• _What you need to do_: Would you write out, word for word, each line of the records below from the top through the one holding "assert (Hne : INR"?

• _Exercise inputs_:
▼▼▼

Lemma trig_sum_vanishing v0 v1 N a b : v0 < v1 ->
  (forall v, v0 < v < v1 -> trig_sum N a b v = 0) -> trig_coeffs_zero N a b.
Proof.
intro H01; revert a b; induction N as [|N IH]; intros a b H.
- intros k Hk; replace k with 0%nat by lia; split; [|lia].
  rewrite <- (harmonic_0 (a 0%nat) (b 0%nat) ((v0 + v1) / 2)); apply H; lra.
- assert (Hlow : trig_coeffs_zero N a b).
  { intros k Hk; destruct (IH _ _ (trig_sum_vanishing_reduce _ _ _ _ _ H) k Hk) as [Ha Hb].
    assert (Hne : INR (S N) ^ 2 - INR k ^ 2 <> 0).
    { assert (INR k < INR (S N)) by (apply lt_INR; lia). pose proof (pos_INR k); nra. }
    split.
    - destruct (Rmult_integral _ _ Ha); [contradiction | assumption].
    - intro Hk0; destruct (Rmult_integral _ _ (Hb Hk0)); [contradiction | assumption]. }
  set (t := (v0 + v1) / 2); assert (Ht : v0 < t < v1) by (unfold t; lra).
  assert (E1 : harmonic (S N) (a (S N)) (b (S N)) t = 0).
  { rewrite <- (H t Ht), trig_sum_S, (trig_sum_coeffs_zero N a b t Hlow); ring. }
  assert (E2 : harmonic (S N) (INR (S N) * b (S N)) (- INR (S N) * a (S N)) t = 0).
  { rewrite <- (trig_sum_derive_vanishing _ _ _ _ _ H t Ht), trig_sum_S,
      (trig_sum_coeffs_zero _ _ _ t (trig_coeffs_zero_derive _ _ _ Hlow)); ring. }
  assert (HN : INR (S N) <> 0) by (apply not_0_INR; lia).
  destruct (harmonic_pair_zero (a (S N)) (b (S N)) (INR (S N) * t)) as [Ea Eb]; [exact E1| |].
  { apply (Rmult_eq_reg_l (INR (S N))); [|exact HN].
    rewrite Rmult_0_r, <- E2; unfold harmonic; ring. }
  intros k Hk; destruct (Nat.eq_dec k (S N)) as [->|HkN]; [auto | apply Hlow; lia].
Qed.

Lemma trig_top_vanishing v0 v1 N A B f : v0 < v1 -> (1 <= N)%nat -> trig_top N A B f ->
  (forall v, v0 < v < v1 -> f v = 0) -> A = 0 /\ B = 0.
Proof.
intros H01 HN [a [b [<- [<- Hf]]]] H.
assert (Hs : forall v, v0 < v < v1 -> trig_sum N a b v = 0) by (intros v Hv; rewrite <- Hf; auto).
destruct (trig_sum_vanishing v0 v1 N a b H01 Hs N (le_n N)) as [Ha Hb].
split; [exact Ha | apply Hb; lia].
Qed.

Lemma trig_top_sq_vanishing v0 v1 N M A B f g : v0 < v1 -> (1 <= N)%nat -> (M < N + N)%nat ->
  trig_top N A B f -> trig_deg M g ->
  (forall v, v0 < v < v1 -> f v * f v = g v) -> A = 0 /\ B = 0.
Proof.
intros H01 HN HM Hf Hg H.
pose proof (trig_top_plus _ _ _ _ _ _ _ (trig_top_mult N N _ _ _ _ _ _ HN HN Hf Hf)
  (trig_top_scal _ _ _ (-1) _ (trig_top_lift M (N + N) _ Hg HM))) as Hfg.
rewrite !Rmult_0_r, !Rplus_0_r in Hfg.
destruct (trig_top_vanishing v0 v1 (N + N) _ _ _ H01 ltac:(lia) Hfg) as [E1 E2].
{ intros v Hv; rewrite H by exact Hv; ring. }
destruct (top_mult_eq_0 _ _ _ _ E1 E2); assumption.
Qed.

Lemma trig2_vanishing v0 v1 c0 c1 s1 c2 s2 : v0 < v1 ->
  (forall v, v0 < v < v1 ->
     c0 + c1 * cos v + s1 * sin v + c2 * cos (2 * v) + s2 * sin (2 * v) = 0) ->
  c0 = 0 /\ c1 = 0 /\ s1 = 0 /\ c2 = 0 /\ s2 = 0.
Proof.
intros H01 H.
assert (Hz : trig_coeffs_zero 2 (fun k => match k with 0 => c0 | 1 => c1 | _ => c2 end)
  (fun k => match k with 0 => 0 | 1 => s1 | _ => s2 end)).
{ apply (trig_sum_vanishing v0 v1); [exact H01|]; intros v Hv; rewrite <- (H v Hv).
  unfold trig_sum; simpl sum_f_R0; rewrite harmonic_0; unfold harmonic.
  change (INR 1) with 1; replace (INR 2) with 2 by (simpl; ring); rewrite Rmult_1_l; ring. }
destruct (Hz 0%nat) as [E0 _]; [lia|].
destruct (Hz 1%nat) as [E1 F1]; [lia|].
destruct (Hz 2%nat) as [E2 F2]; [lia|].
repeat split; auto.
Qed.

Lemma trig1_vanishing v0 v1 c0 c1 s1 : v0 < v1 ->
  (forall v, v0 < v < v1 -> c0 + c1 * cos v + s1 * sin v = 0) ->
  c0 = 0 /\ c1 = 0 /\ s1 = 0.
Proof.
intros H01 H; destruct (trig2_vanishing v0 v1 c0 c1 s1 0 0 H01) as [E0 [E1 [E2 _]]]; auto.
intros v Hv; transitivity (c0 + c1 * cos v + s1 * sin v); [ring | auto].
Qed.

Lemma quadratic_in_harmonic_vanishing v0 v1 p q c0 c1 c2 : v0 < v1 -> p ^ 2 + q ^ 2 <> 0 ->
  (forall v, v0 < v < v1 ->
     c0 + c1 * (p * cos v + q * sin v) + c2 * (p * cos v + q * sin v) ^ 2 = 0) ->
  c0 = 0 /\ c1 = 0 /\ c2 = 0.
Proof.
intros H01 Hpq H.
destruct (trig2_vanishing v0 v1 (c0 + c2 * (p ^ 2 + q ^ 2) / 2) (c1 * p) (c1 * q)
  (c2 * (p ^ 2 - q ^ 2) / 2) (c2 * p * q) H01) as [E0 [E1 [E2 [E3 E4]]]].
- intros v Hv; rewrite <- (H v Hv), cos_2a, sin_2a.
  pose proof (sin2_cos2 v) as Hsc; unfold Rsqr in Hsc.
  replace (c2 * (p ^ 2 + q ^ 2) / 2)
    with (c2 * (p ^ 2 + q ^ 2) / 2 * (sin v * sin v + cos v * cos v))
    by (rewrite Hsc; ring).
  field.
- assert (Hc2 : c2 = 0).
  { apply (Rmult_pair_eq_0 c2 (p ^ 2 - q ^ 2) (2 * p * q)); [|lra|lra].
    replace ((p ^ 2 - q ^ 2) ^ 2 + (2 * p * q) ^ 2) with ((p ^ 2 + q ^ 2) ^ 2) by ring.
    apply pow_nonzero, Hpq. }
  assert (Hc1 : c1 = 0) by exact (Rmult_pair_eq_0 c1 p q Hpq E1 E2).
  subst c1 c2; repeat split; lra.
Qed.

(** * The linear Weingarten identity *)

(* With [n = 0] and [a2 = b2 = 0], [lw_residual] below is [c0 + c1 P + c2 P^2]
   in [P = a1 cos v + b1 sin v]; the three equations are [c2 = 0], [c1 = 0],
   [c0 = 0] with [c = (1 + m)^2 r0] and [s = a1^2 + b1^2]. *)
Lemma lw_low_degree_absurd m c r0 r1 r2 s : m <> 0 -> c <> 0 -> 0 <= s ->
  let d0 := 1 + s + r1 ^ 2 - r0 * r2 in
  4 * m * r1 ^ 2 + c * r2 = 0 ->
  4 * m * r1 * d0 + 2 * (c * r2) * r1 = 0 ->
  m * d0 ^ 2 + c * r2 * (1 + r1 ^ 2) = 0 -> False.
Proof.
intros Hm Hc Hs d0 E2 E1 E0.
assert (Hk : c * r2 = - 4 * m * r1 ^ 2) by lra.
rewrite Hk in E1, E0.
assert (Hd0 : d0 ^ 2 = 4 * r1 ^ 2 * (1 + r1 ^ 2)).
{ apply (Rmult_eq_reg_l m); [|exact Hm]. lra. }
assert (Hr1 : r1 = 0).
{ assert (E : 4 * m * r1 * (d0 - 2 * r1 ^ 2) = 0) by lra.
  destruct (Rmult_integral _ _ E) as [E'|E']; [|assert (d0 = 2 * r1 ^ 2) by lra; nra].
  destruct (Rmult_integral _ _ E') as [E''|E'']; [|exact E''].
  destruct (Rmult_integral _ _ E''); lra. }
subst r1.
assert (Hr2 : r2 = 0).
{ destruct (Rmult_integral c r2) as [E|E]; [lra | contradiction | exact E]. }
subst r2; unfold d0 in Hd0; nra.
Qed.

Section LinearWeingartenResidual.

(* The 2-jet of [riemann_cyclic a b r] at a parameter [u]: [r0 = r u],
   [a1 = a' u], [a2 = a'' u], etc.  With [w = sqrt metric_det] one has
   [EG - F^2 = r0^2 metric_det], [H = mean_num / (2 r0 w metric_det)] and
   [K = - gauss_num / (r0 metric_det^2)]; [lw_residual m n] is
   [(1 + m)^2 (H^2 - K) - (n - (1 - m) H)^2] multiplied by [r0^2 metric_det^3]. *)
Variables r0 a1 b1 r1 a2 b2 r2 : R.

Definition radial_slope (v : R) : R := r1 + a1 * cos v + b1 * sin v.
Definition metric_det (v : R) : R := 1 + radial_slope v ^ 2.
Definition gauss_num (v : R) : R := r2 + a2 * cos v + b2 * sin v.
Definition mean_num (v : R) : R :=
  (1 + a1 ^ 2 + b1 ^ 2 + r1 ^ 2 - r0 * r2) + (2 * r1 * a1 - r0 * a2) * cos v
  + (2 * r1 * b1 - r0 * b2) * sin v.
Definition lw_residual (m n v : R) : R :=
  m * mean_num v ^ 2 + (1 + m) ^ 2 * r0 * gauss_num v * metric_det v
  + n * (1 - m) * r0 * mean_num v * metric_det v * sqrt (metric_det v)
  - n ^ 2 * r0 ^ 2 * metric_det v ^ 3.

Lemma metric_det_pos v : 0 < metric_det v.
Proof. unfold metric_det; pose proof (pow2_ge_0 (radial_slope v)); lra. Qed.

Lemma sqrt_metric_det_sq v : sqrt (metric_det v) ^ 2 = metric_det v.
Proof. rewrite <- Rsqr_pow2; apply Rsqr_sqrt, Rlt_le, metric_det_pos. Qed.

Lemma trig_top_metric_det :
  trig_top 2 (top_re a1 b1 a1 b1) (top_im a1 b1 a1 b1) metric_det.
Proof.
pose proof (trig_top_mult 1 1 _ _ _ _ _ _ (le_n 1) (le_n 1)
  (trig_top_1 r1 a1 b1) (trig_top_1 r1 a1 b1)) as H.
assert (H1 : trig_top 2 0 0 (fun _ => 1)).
{ apply (trig_top_lift 1); [|lia]. exists 0, 0.
  eapply trig_top_ext; [|apply (trig_top_1 1 0 0)]. intro v; cbv beta; ring. }
pose proof (trig_top_plus _ _ _ _ _ _ _ H1 H) as H'; rewrite !Rplus_0_l in H'.
eapply trig_top_ext; [|exact H']. intro v; unfold metric_det, radial_slope; ring.
Qed.

Definition lw_rational_part (m n v : R) : R :=
  m * (mean_num v * mean_num v) + (1 + m) ^ 2 * r0 * (gauss_num v * metric_det v)
  + - (n ^ 2 * r0 ^ 2) * (metric_det v * metric_det v * metric_det v).

Lemma lw_residual_split m n v : lw_residual m n v =
  lw_rational_part m n v + n * (1 - m) * r0 * mean_num v * metric_det v * sqrt (metric_det v).
Proof. unfold lw_residual, lw_rational_part; ring. Qed.

Lemma trig_deg_mean_num_sq : trig_deg 2 (fun v => mean_num v * mean_num v).
Proof. apply (trig_deg_mult 1 1); eexists; eexists; apply trig_top_1. Qed.

Lemma trig_top_lw_rational_part m n A B :
  trig_top 6 A B (fun v => metric_det v * metric_det v * metric_det v) ->
  trig_top 6 (- (n ^ 2 * r0 ^ 2) * A) (- (n ^ 2 * r0 ^ 2) * B) (lw_rational_part m n).
Proof.
intro HT3.
assert (HLT : trig_deg 3 (fun v => gauss_num v * metric_det v))
  by (apply (trig_deg_mult 1 2); eexists; eexists; [apply trig_top_1 | apply trig_top_metric_det]).
pose proof (trig_top_plus _ _ _ _ _ _ _ (trig_top_plus _ _ _ _ _ _ _
  (trig_top_scal _ _ _ m _ (trig_top_lift 2 6 _ trig_deg_mean_num_sq ltac:(lia)))
  (trig_top_scal _ _ _ ((1 + m) ^ 2 * r0) _ (trig_top_lift 3 6 _ HLT ltac:(lia))))
  (trig_top_scal _ _ _ (- (n ^ 2 * r0 ^ 2)) _ HT3)) as H.
rewrite !Rmult_0_r, !Rplus_0_l in H; exact H.
Qed.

▲▲▲

• _Response to the task_:
Lemma trig_sum_vanishing v0 v1 N a b : v0 < v1 ->
  (forall v, v0 < v < v1 -> trig_sum N a b v = 0) -> trig_coeffs_zero N a b.
Proof.
intro H01; revert a b; induction N as [|N IH]; intros a b H.
- intros k Hk; replace k with 0%nat by lia; split; [|lia].
  rewrite <- (harmonic_0 (a 0%nat) (b 0%nat) ((v0 + v1) / 2)); apply H; lra.
- assert (Hlow : trig_coeffs_zero N a b).
  { intros k Hk; destruct (IH _ _ (trig_sum_vanishing_reduce _ _ _ _ _ H) k Hk) as [Ha Hb].
    assert (Hne : INR (S N) ^ 2 - INR k ^ 2 <> 0).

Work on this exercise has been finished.